Up to 2.5 million people in the U.S. alone suffer from ME/CFS; the COVID-19 pandemic could at least double that number. An estimated 35 percent of Americans who had COVID-19 have failed to fully recover several months after infection, prompting many to call it “a potential second pandemic.”
OMF recognized a familiar health crisis emerging, one with eerie similarities to ME/CFS. This crisis presented a unique opportunity to understand how a viral infection — in this case COVID-19 — may develop into ME/CFS in some patients. The goal is to find targeted treatments for ME/CFS patients and ultimately prevent its onset in people infected with SARS-CoV-2 or other infections.

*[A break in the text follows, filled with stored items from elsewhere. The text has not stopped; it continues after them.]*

(* Let $k\ge2$ and let $A=\{a_1,\dots,a_n\}$ be a sorted multiset of positive integers ($a_1\le\dots\le a_n$) forming a $k$-PART instance. Then there exists a perfect $p$ for $A$ such that, with $Q=\sum_{i=1}^pa_i$ and $q=\max\{i:a_i\le Q\}$, the $k$-PART$_R$ instance $(A,p)$ has an optimal solution $(S_1,\dots,S_k)$ satisfying: (1) every set $S_i$ containing only elements $j\le q$ satisfies $\Sigma(S_i,A)<2Q$; (2) every element $j>q$ is contained in a singleton set of the solution.
   Context: $[n]=\{1,\dots,n\}$; elements of sets are indices. $\Sigma(S,A)=\sum_{i\in S}a_i$. For pairwise disjoint $S_1,\dots,S_k\subseteq[n]$, $\mathcal{R}(S_1,\dots,S_k,A)=\max_i\Sigma(S_i,A)/\min_i\Sigma(S_i,A)$ if the minimum is positive and $+\infty$ otherwise. $k$-PART: find pairwise disjoint $S_1,\dots,S_k\subseteq[n]$ with $\bigcup_iS_i=[n]$ minimizing $\mathcal{R}$. $k$-PART$_R$ instance $(A,p)$ for $1\le p\le n-k+1$: find pairwise disjoint $S_1,\dots,S_k\subseteq[n]$ with $\bigcup_iS_i=[n]$, $\max(S_1)=p$ and $\max(S_i)>p$ for $1<i\le k$, minimizing $\mathcal{R}$. An integer $p$ with $1\le p\le n-k+1$ is called perfect for $A$ if the optimal ratio of the $k$-PART$_R$ instance $(A,p)$ equals the optimal ratio of the $k$-PART instance $A$. *)

From HB Require Import structures.
From mathcomp Require Import all_boot all_order all_algebra.
Unset Printing Implicit Defensive.
Import Order.TTheory GRing.Theory Num.Theory.

(* Index j : 'I_n (0-based) stands for the paper's index j+1, value a_{j+1} = nth 0 A j.
   A candidate solution is S : nat -> {set 'I_n}; only S 0, ..., S (k-1) are used,
   S i standing for the paper's S_{i+1}. *)

Definition sigma (A : seq nat) (S : {set 'I_(size A)}) : nat :=
  \sum_(j in S) nth 0 A j.

(* max(S), in 1-based indices; 0 for the empty set *)
Definition setmax n (S : {set 'I_n}) : nat := \max_(j in S) j.+1.

(* extended nonnegative rationals: None = +infinity *)
Definition ext_le (x y : option rat) : bool :=
  match x, y with
  | _, None => true
  | None, Some _ => false
  | Some a, Some b => (a <= b)%R
  end.

Definition ratio (A : seq nat) (k : nat) (S : nat -> {set 'I_(size A)}) : option rat :=
  let mx := \max_(i < k) sigma A (S i) in
  let mn := \big[minn/sigma A (S 0)]_(i < k) sigma A (S i) in
  if mn == 0 then None else Some ((mx%:R : rat) / mn%:R)%R.

Definition is_kpart (A : seq nat) (k : nat) (S : nat -> {set 'I_(size A)}) : Prop :=
  (forall i j, i < k -> j < k -> i <> j -> [disjoint S i & S j]) /\
  (forall x : 'I_(size A), exists2 i, i < k & x \in S i).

The federal government is only now investing in Post-COVID research, with no focus on its connection to ME/CFS. OMF has already engaged researchers for the largest-scale study of its kind, solely supported by private donors who have contributed over one million dollars to date. When fully funded, the five million dollar, three-year study will be conducted across the globe at OMF funded Collaborative Research Centers, led by some of the world’s top researchers and ME/CFS experts.
BACKGROUND
In a significant percentage of patients, infections preceded their development of ME/CFS. For example, according to the CDC about one in ten infected with Epstein-Barr virus, Ross River virus, or Coxiella burnetti develop symptoms that meet the criteria for ME/CFS.
THE STUDY
The ability to follow the development of ME/CFS from a known viral infection is unprecedented to date and crucial to researchers’ understanding of the disease. The focus of this study is to find the biological differences between persons returning to good health after COVID-19 and persons who remained ill more than six months after infection and developed ME/CFS. Understanding these alterations in key pathways can lead to groundbreaking discoveries including new biomarkers, drug targets, and prevention and treatment strategies.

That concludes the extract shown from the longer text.